Similar to above, the projects were big and public but the key for me was word
of mouth. Every piece of work I did yielded me multiple new clients and repeat
work.

Yep, usually need 500k-1m of general liability insurance. Some require even
more which I don't yet have. I don't have a DUNS number but that hasn't hurt
me yet. You do need to be an LLC or Corp and have your books in order/no
skeletons. One problem is I don't have a long history to point to. Some RFP's
require you to show longevity which I don't have yet.

------
steveinator
I too do freelance software development. I'm at a pretty small scale right
now, but shoot me an email if you'd like to talk about doing some work
together in the future.
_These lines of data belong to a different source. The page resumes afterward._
Lemma sum_b2r_sub_le_forall (T : finType) (f : T -> bool) :
  \sum_t b2r R (f t) - (#|T|%:R - 1) <= b2r R [forall t, f t].
Proof.
case: (boolP [forall t, f t]) => [hf | /forallPn[t0 ht0]].
  by rewrite sum_b2r_forall // opprB addrC subrK.
rewrite sum_b2r subr_le0 lerBrDr natr1 ler_nat (cardD1 t0 T) inE /= ltnS.
apply/subset_leq_card/subsetP => t /=; rewrite !inE andbT.
by apply: contraTneq => ->.
Qed.

Definition pattern_in (C : {set V}) (d : lab P C) (y : V * P -> bool) : bool :=
  [forall l : {i | i \in C}, y (val l, d l)].

Definition pattern_gap (C : {set V}) (d : lab P C) (y : V * P -> bool) (zb : bool)
    : R :=
  (\sum_(l : {i | i \in C}) b2r R (y (val l, d l)) - (#|C|%:R - 1)) * b2r R zb.

Lemma pattern_gap_le (C : {set V}) (d : lab P C) y zb :
  pattern_gap d y zb <= b2r R (zb && pattern_in d y).
Proof.
rewrite /pattern_gap; case: zb; last by rewrite mulr0.
by rewrite mulr1 -[#|C|]card_sig; apply: sum_b2r_sub_le_forall.
Qed.

Lemma pattern_gap_pattern_in (C : {set V}) (d : lab P C) y :
  pattern_gap d y (pattern_in d y) = b2r R (pattern_in d y).
Proof.
rewrite /pattern_gap; case hd: (pattern_in d y); last by rewrite mulr0.
by rewrite mulr1 -[#|C|]card_sig sum_b2r_forall // opprB addrC subrK.
Qed.

Lemma Estar_pattern_gap (y : {ffun V * P -> bool}) (z : {ffun zidx V P -> bool}) :
  Estar Cs Dset th y z = \sum_(C in Cs) \sum_(d in Dset C)
    th d * pattern_gap d y (z (Tagged (fun C => lab P C) d)).
Proof.
rewrite /Estar -sumrN; apply: eq_bigr => C _; rewrite -sumrN.
by apply: eq_bigr => d _; rewrite /pattern_gap mulrBl -mulr_suml; ring.
Qed.

Definition relaxed_lagr (lam : V -> R) (x : V * P -> R)
    (yc : forall C : {set V}, lab P C -> R) : R :=
  \sum_(C in Cs) \sum_(d in Dset C) th d * yc C d
  + \sum_i lam i * (\sum_p x (i, p) - 1).

Definition relaxed_feasible (x : V * P -> R) (yc : forall C : {set V}, lab P C -> R) :=
  (forall ip, 0 <= x ip <= 1) /\
  (forall C d, C \in Cs -> d \in Dset C ->
     yc C d <= 1 /\ forall l : {i | i \in C}, yc C d <= x (val l, d l)).

Lemma eq_relaxed_lagr lam x1 x2 (yc1 yc2 : forall C : {set V}, lab P C -> R) :
  x1 =1 x2 -> (forall C d, yc1 C d = yc2 C d) ->
  relaxed_lagr lam x1 yc1 = relaxed_lagr lam x2 yc2.
Proof.
move=> hx hyc; rewrite /relaxed_lagr; congr (_ + _).
  by apply: eq_bigr => C _; apply: eq_bigr => d _; rewrite hyc.
by apply: eq_bigr => i _; congr (_ * (_ - _)); apply: eq_bigr => p _; rewrite hx.
Qed.

Lemma relaxed_lagr_convex lam t x1 x2 (yc1 yc2 : forall C : {set V}, lab P C -> R) :
  relaxed_lagr lam (fun ip => t * x1 ip + (1 - t) * x2 ip)
    (fun C d => t * yc1 C d + (1 - t) * yc2 C d)
  = t * relaxed_lagr lam x1 yc1 + (1 - t) * relaxed_lagr lam x2 yc2.
Proof.
rewrite /relaxed_lagr !mulrDr addrACA; congr (_ + _).
  rewrite !mulr_sumr -big_split; apply: eq_bigr => C _.
  by rewrite !mulr_sumr -big_split; apply: eq_bigr => d _ /=; ring.
rewrite !mulr_sumr -big_split; apply: eq_bigr => i _ /=.
by rewrite big_split /= -!mulr_sumr; ring.
Qed.

Lemma lagr_binary lam (y : V * P -> bool) :
  lagr Cs Dset th lam [ffun ip => y ip] [ffun k : zidx V P => pattern_in (tagged k) y]
  = relaxed_lagr lam (fun ip => b2r R (y ip)) (fun C d => b2r R (pattern_in d y)).
Proof.
rewrite /lagr Estar_pattern_gap /relaxed_lagr; congr (_ + _).
  apply: eq_bigr => C _; apply: eq_bigr => d _; rewrite ffunE /=.
  rewrite -pattern_gap_pattern_in /pattern_gap.
  by under eq_bigr do rewrite ffunE.
by apply: eq_bigr => i _; under eq_bigr do rewrite ffunE.
Qed.

Hypothesis th_le0 : forall C (d : lab P C), C \in Cs -> d \in Dset C -> th d <= 0.

Lemma relaxed_lagr_binary_le lam (y : V * P -> bool) yc :
  relaxed_feasible (fun ip => b2r R (y ip)) yc ->
  relaxed_lagr lam (fun ip => b2r R (y ip)) (fun C d => b2r R (pattern_in d y))
  <= relaxed_lagr lam (fun ip => b2r R (y ip)) yc.
Proof.
move=> [_ hyc]; rewrite lerD2r; apply: ler_sum => C hC; apply: ler_sum => d hd.
apply: ler_wnM2l; first exact: th_le0.
have [yc_le1 yc_le] := hyc C d hC hd.
case: (boolP (pattern_in d y)) => [// | /forallPn[l hl]].
by move: (yc_le l); rewrite (negbTE hl).
Qed.

Definition support (x : V * P -> R) := [set ip | 0 < x ip].

(* With [t] the least positive entry of [x], [x = t 1_{supp x} + (1 - t) x'],
   the pattern variables split in the same way, and [x'] has smaller support. *)
Section Peel.
Variables (lam : V -> R) (x : V * P -> R) (yc : forall C : {set V}, lab P C -> R).
Hypothesis x_yc_feasible : relaxed_feasible x yc.
Variable j : V * P.
Hypothesis x_j_frac : 0 < x j < 1.

Let pos ip := 0 < x ip.
Let jm := Order.arg_min j pos x.
Let t := x jm.
Let x' ip := (x ip - t * b2r R (pos ip)) / (1 - t).
Let yc' C (d : lab P C) := (yc d - t * b2r R (pattern_in d pos)) / (1 - t).

Lemma peel_min : [/\ 0 < t, t < 1 & forall ip, pos ip -> t <= x ip].
Proof.
have [xj_gt0 xj_lt1] := andP x_j_frac.
rewrite /t /jm; case: arg_minP => // k pos_k kmin; split => //.
exact: le_lt_trans (kmin j xj_gt0) xj_lt1.
Qed.

Lemma peel_feasible : relaxed_feasible x' yc'.
Proof.
have [t_gt0 t_lt1 t_min] := peel_min; have ut : 0 < 1 - t by rewrite subr_gt0.
have [x01 hyc] := x_yc_feasible.
have x_off ip : ~~ pos ip -> x ip = 0.
  by move=> hp; have /andP[x0 _] := x01 ip; apply/eqP; rewrite eq_le x0 leNgt andbT.
have x'01 ip : 0 <= x' ip <= 1.
  rewrite /x'; case: (boolP (pos ip)) => hp.
    have /andP[_ x1] := x01 ip.
    rewrite b2rT mulr1 ler_pdivrMr // mul1r lerD2r x1 andbT.
    by apply: divr_ge0; [rewrite subr_ge0; exact: t_min | exact: ltW].
  by rewrite x_off // b2rF mulr0 subrr mul0r lexx ler01.
split => // C d hC hd; have [yc1 ycx] := hyc C d hC hd; rewrite /yc'.
case: (boolP (pattern_in d pos)) => [/forallP hd_pos | /forallPn[l0 hl0]].
  rewrite b2rT mulr1; split=> [|l]; first by rewrite ler_pdivrMr // mul1r lerD2r.
  by rewrite /x' hd_pos b2rT mulr1 ler_pM2r ?invr_gt0 // lerD2r.
have yc_le0 : yc d <= 0 by rewrite -(x_off _ hl0).
rewrite b2rF mulr0 subr0; split=> [|l].
  by apply: le_trans ler01; rewrite pmulr_lle0 ?invr_gt0.
have /andP[x'0 _] := x'01 (val l, d l).
by apply: le_trans x'0; rewrite pmulr_lle0 ?invr_gt0.
Qed.

Lemma peel_support : (#|support x'| < #|support x|)%N.
Proof.
have [t_gt0 t_lt1 _] := peel_min; have ut : 0 < 1 - t by rewrite subr_gt0.
apply/proper_card/properP; split.
  apply/subsetP => ip; rewrite !inE; apply: contraTT => hp.
  have /andP[x0 _] := x_yc_feasible.1 ip.
  have x_ip : x ip = 0 by apply/eqP; rewrite eq_le x0 leNgt andbT.
  by rewrite /x' /pos x_ip ltxx b2rF mulr0 subrr mul0r ltxx.
have pos_jm : pos jm by rewrite /jm; case: arg_minP => //; case/andP: x_j_frac.
by exists jm; rewrite !inE // /x' pos_jm b2rT mulr1 subrr mul0r ltxx.
Qed.

Lemma peel_decomposition :
  relaxed_lagr lam x yc =
  t * relaxed_lagr lam (fun ip => b2r R (pos ip)) (fun C d => b2r R (pattern_in d pos))
  + (1 - t) * relaxed_lagr lam x' yc'.
Proof.
have [_ t_lt1 _] := peel_min; have ut : 1 - t != 0 by rewrite subr_eq0 gt_eqF.
rewrite -relaxed_lagr_convex; apply: eq_relaxed_lagr => [ip | C d];
  by rewrite /x' /yc'; field.
Qed.

Lemma peel : exists t x'' yc'',
  [/\ 0 < t < 1, relaxed_feasible x'' yc'', (#|support x''| < #|support x|)%N
    & relaxed_lagr lam x yc =
      t * relaxed_lagr lam (fun ip => b2r R (pos ip)) (fun C d => b2r R (pattern_in d pos))
      + (1 - t) * relaxed_lagr lam x'' yc''].
Proof.
have [t_gt0 t_lt1 _] := peel_min.
exists t, x', yc'; split; rewrite ?t_gt0 ?t_lt1 //.
- exact: peel_feasible.
- exact: peel_support.
- exact: peel_decomposition.
Qed.

End Peel.

Lemma relaxed_lagr_ge lam m :
  (forall y : V * P -> bool,
     m <= relaxed_lagr lam (fun ip => b2r R (y ip)) (fun C d => b2r R (pattern_in d y))) ->
  forall x yc, relaxed_feasible x yc -> m <= relaxed_lagr lam x yc.
Proof.
move=> m_le_binary x yc.
have [n] := ubnP #|support x|; elim: n x yc => // n IH x yc; rewrite ltnS => hn hfeas.
case: (pickP (fun ip => 0 < x ip < 1)) => [j x_j_frac | x_binary].
  have [t [x' [yc' [/andP[t_gt0 t_lt1] hfeas' hsupp ->]]]] := peel lam hfeas x_j_frac.
  have -> : m = t * m + (1 - t) * m by ring.
  apply: lerD; apply: ler_wpM2l.
  - exact: ltW.
  - exact: m_le_binary.
  - by rewrite subr_ge0 ltW.
  - by apply: IH hfeas'; apply: leq_trans hsupp hn.
have x_b2r : x =1 (fun ip => b2r R (0 < x ip)).
  move=> ip; have /andP[x0 x1] := hfeas.1 ip; move: (x_binary ip) => /=.
  case: (ltrgtP 0 (x ip)) => [x_gt0 /negbT | x_lt0 | <-] //=.
    by rewrite -leNgt => x_ge1; apply/eqP; rewrite eq_le x1.
  by move: x0; rewrite leNgt x_lt0.
apply: le_trans (m_le_binary (fun ip => 0 < x ip)) _.
rewrite (eq_relaxed_lagr lam x_b2r (fun C d => erefl (yc C d))).
have [x01 hyc] := hfeas; apply: relaxed_lagr_binary_le.
split=> [ip | C d hC hd]; first by rewrite -x_b2r.
by have [yc1 ycx] := hyc C d hC hd; split=> // l; rewrite -x_b2r.
Qed.

Lemma lagr_lower_bound_le_lp lam m :
  (forall y z, m <= lagr Cs Dset th lam y z) ->
  forall yl yc, lp_feasible Cs Dset yl yc -> m <= lp_obj Cs Dset th yc.
Proof.
move=> m_le yl yc [yl01 [yc01 [yc_le yl_sum]]].
have -> : lp_obj Cs Dset th yc = relaxed_lagr lam (fun ip => yl ip.1 ip.2) yc.
  rewrite /relaxed_lagr /lp_obj [X in _ = _ + X]big1 ?addr0 // => i _ /=.
  by rewrite yl_sum subrr mulr0.
apply: relaxed_lagr_ge => [y | ]; first by rewrite -lagr_binary.
split=> [ip | C d hC hd]; first exact: yl01.
by have /andP[_ ->] := yc01 C d hC hd; split=> //; apply: yc_le.
Qed.

Lemma lagr_single_label lam (p0 : P) :
  lagr Cs Dset th lam [ffun ip : V * P => ip.2 == p0] [ffun=> false] = 0.
Proof.
rewrite /lagr Estar_pattern_gap big1 => [|C _]; last first.
  by apply: big1 => d _; rewrite ffunE /pattern_gap b2rF !mulr0.
rewrite add0r big1 // => i _; rewrite (bigD1 p0) //= big1 => [|p /negbTE hp].
  by rewrite ffunE eqxx b2rT addr0 subrr mulr0.
by rewrite ffunE /= hp.
Qed.

Definition label_sum_defect (y : {ffun V * P -> bool}) (i : V) : R :=
  \sum_p b2r R (y (i, p)) - 1.

Lemma lagr_affine lam y z :
  lagr Cs Dset th lam y z =
  Estar Cs Dset th y z + \sum_(i in [set: V]) label_sum_defect y i * lam i.
Proof.
by rewrite /lagr; congr (_ + _); apply: eq_big => [i | i _]; rewrite ?in_setT // mulrC.
Qed.

Local Notation binary_point := ({ffun V * P -> bool} * {ffun zidx V P -> bool})%type.

Section DualCertificate.
Variable mu : binary_point -> R.
Hypotheses (mu_ge0 : forall k, 0 <= mu k) (mu_sum1 : \sum_k mu k = 1)
  (mu_defect0 : forall i, \sum_k mu k * label_sum_defect k.1 i = 0).

Let dual_value := \sum_k mu k * Estar Cs Dset th k.1 k.2.

Lemma lagr_average lam : \sum_k mu k * lagr Cs Dset th lam k.1 k.2 = dual_value.
Proof.
under eq_bigr do rewrite lagr_affine mulrDr.
rewrite big_split /= [X in _ + X](_ : _ = 0) ?addr0 //.
under eq_bigr do rewrite mulr_sumr.
rewrite exchange_big /= big1 // => i _.
by under eq_bigr do rewrite mulrA; rewrite -mulr_suml mu_defect0 mul0r.
Qed.

Lemma average_le_of_lower_bound (f : binary_point -> R) m :
  (forall k, m <= f k) -> m <= \sum_k mu k * f k.
Proof.
move=> m_le; rewrite -[m]mul1r -mu_sum1 mulr_suml.
by apply: ler_sum => k _; apply: ler_wpM2l.
Qed.

Lemma D_value_le_dual_value lam m : is_D_value Cs Dset th lam m -> m <= dual_value.
Proof.
by move=> [_ m_le]; rewrite -(lagr_average lam); apply: average_le_of_lower_bound => k.
Qed.

Lemma is_D_value_dual_value lam :
  (forall y z, dual_value <= lagr Cs Dset th lam y z) ->
  is_D_value Cs Dset th lam dual_value.
Proof.
move=> dual_le; split=> //.
have [k _ kmin] := @arg_minP _ _ _ ([ffun=> false], [ffun=> false]) predT
  (fun k => lagr Cs Dset th lam k.1 k.2) isT.
exists k.1, k.2; apply/eqP; rewrite eq_le dual_le andbT -(lagr_average lam).
by apply: average_le_of_lower_bound => k'; apply: kmin.
Qed.

Lemma average_b2r_01 (f : binary_point -> bool) :
  0 <= \sum_k mu k * b2r R (f k) <= 1.
Proof.
rewrite sumr_ge0 => [|k _]; last exact: mulr_ge0 (mu_ge0 k) (b2r_ge0 _).
rewrite -mu_sum1; apply: ler_sum => k _.
by rewrite -[leRHS]mulr1 ler_wpM2l // b2r_le1.
Qed.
Whether its just passing excess projects off to each
other or it turns into something bigger, I am open to discussion. I am booked
until end of June right now. My email should be in my profile.

------
centdev
The easiest thing we did when we needed to scale was to work with a number of
other web dev shops. Some were 1 man operations and others slightly larger.
Not only did this help us grow, but we also made additional revenue when they
passed us work they couldn't handle due to time/experience.